In Hadoop 1.x the well known fact is that the Name Node is a single point of failure and as such all high availability strategies tries to cope with that – strengthen the weakest part of the system. Just to clarify widely spread myth – Secondary Name Node isn’t a back up or recovery node by nature. It has different tasks than Name Node BUT with some changes Secondary Name Node can be started in the role of Name Node. But neither this doesn’t work automatically nor that wasn’t the original role for SNN.

High availability strategies can be categorized by the state of standby: Hot/Warm Standby or Cold Standby. This has direct correlation to fail over(start up) time. To give an raw idea(according to doc): Cluster with 1500 nodes with PB capacity – the start up time is close to one hour. Start up consists of two major phases: restoring the metadata and then every node in HDFS cluster need to report block location.

Typical solution for Hadoop 1.x which makes use of NFS and logical group of name nodes. Some resources claim that in case of NFS unavailability the name node process aborts what would effectively stop the cluster. I couldn’t verify that fact in different sources of information but I feel important to mention that. Writing name node metadata to NFS need to be exclusive to a single machine in order to keep metadata consistent. To prevent collisions and possible data corruption a fencing method needs to be defined. Fencing method assures that if the name node isn’t responsive that he is really down. In order to have a real confidence a sequence of fencing strategies can be defined and they are executed in order. Strategies ranges from simple ssh call to power supply controlled over the network. This concept is sometimes called shot me in the head. The fail over is usually manual but can be automated as well. This strategy works as a cold standby and hadoop providers typically provides this solution in their High Availability Kits.

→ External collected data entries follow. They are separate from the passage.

(* If [f] is bounded below, Omega(f) contains a constant and the envelope exists
   by completeness of R. *)
Lemma envelope_exists (D : nat -> Prop) (f : nat -> R) (c : R) :
  (forall x, D x -> c <= f x) -> exists e, is_envelope D f e.
Proof.
  intros Hc.
  assert (Hcst : in_Omega D f (fun x => c + 0 * INR x)).
  { split; [apply affine_convex|]. intros x Hx. specialize (Hc x Hx). lra. }
  assert (Hsup : forall x, exists y, D x ->
      is_lub (fun y => exists h, in_Omega D f h /\ y = h x) y).
  { intros x. destruct (classic (D x)) as [Hx|Hx]; [|exists 0; intros; contradiction].
    assert (Hbd : bound (fun y => exists h, in_Omega D f h /\ y = h x)).
    { exists (f x). intros y [h [Hh ->]]. apply (proj2 Hh); auto. }
    assert (Hne : exists y, exists h, in_Omega D f h /\ y = h x).
    { exists (c + 0 * INR x), (fun x => c + 0 * INR x). auto. }
    destruct (completeness _ Hbd Hne) as [y Hy]. exists y; auto. }
  destruct (choice _ Hsup) as [e He]. exists e. exact He.
Qed.

Section GreatestMinorant.
Variables (D : nat -> Prop) (f e : nat -> R).
Hypothesis e_greatest : greatest_minorant D f e.

Lemma minorant_convex : convex_on D e.
Proof. exact (proj1 (proj1 e_greatest)). Qed.

Lemma minorant_le (x : nat) : D x -> e x <= f x.
Proof. exact (proj2 (proj1 e_greatest) x). Qed.

Lemma affine_below_minorant (al be : R) :
  (forall x, D x -> al + be * INR x <= f x) -> forall x, D x -> al + be * INR x <= e x.
Proof.
  intros HL. apply (proj2 e_greatest). split; [apply affine_convex|exact HL].
Qed.

(* [e] touches [f] at the least point of D: raising [e] there keeps it convex. *)
Lemma minorant_touches_min (x0 : nat) : is_min_of D x0 -> e x0 = f x0.
Proof.
  intros [Hx0 Hmin].
  set (h := fun x => if Nat.eq_dec x x0 then f x0 else e x).
  assert (Hin : in_Omega D f h).
  { split.
    - intros a x b Ha Hx Hb H1 H2. assert (x <> x0) by (pose proof (Hmin a Ha); lia).
      unfold h at 1. destruct (Nat.eq_dec x x0); [contradiction|].
      eapply Rle_trans; [exact (minorant_convex a x b Ha Hx Hb H1 H2)|].
      apply chord_mono; auto; unfold h;
        (destruct Nat.eq_dec; [subst; apply minorant_le; auto|lra]).
    - intros x Hx. unfold h. destruct (Nat.eq_dec x x0); [subst; lra|apply minorant_le; auto]. }
  pose proof (proj2 e_greatest h Hin x0 Hx0) as Hh. pose proof (minorant_le x0 Hx0).
  unfold h in Hh. destruct (Nat.eq_dec x0 x0); [lra|contradiction].
Qed.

Because of the relatively long start up time of back up name node some companies (e.g. Facebook) developed their own solutions which provides hot or warm standby. Facebook’s solution to this problem is called avatar node. The idea behind is relatively simple: Every node is wrapped to so called avatar(no change to original code base needed!). Primary avatar name node writes to shared NFS filler. Standby avatar node consist of secondary name node and back up name node. This node continuously reads HDFS transaction logs and keeps feeding those transactions to encapsulated name node which is kept in safe mode which prevents him from performing of any active duties. This way all name node metadata are kept hot. Avatar in standby mode performs duties of secondary name node. Data nodes are wrapped to avatar data nodes which sends block reports to both primary and standby avatar node. Fail over time is about a minute. More information can be found here.

Another attempt to create a Hadoop 1.x hot standby coming form China Mobile Research Institute is based on running synchronization agents and sync master. This solution brings another questions and it seems to me that it isn’t so mature and clear as the previous one. Details can be found here.

An ultimate solution to high availability brings Hadoop 2.x which removes a single point of failure by a different architecture. YARN (Yet Another Resource Negotiator) also called MapReduce 2. And for HDFS there is an another concept called Quorum Journal Manager (QJM) which can use NFS or Zookeeper as synchronization and coordination framework. Those architectural changes provides the option of running two redundant NameNodes in the same cluster in an Active/Passive configuration with a hot standby.

This post just scratches the surface of Hadoop High Availability and doesn’t go deep in detail daemon by daemon but I hope that it is a good starting point. If someone from the readers is aware of some other possibility I am looking forward to seeing that in the comment section.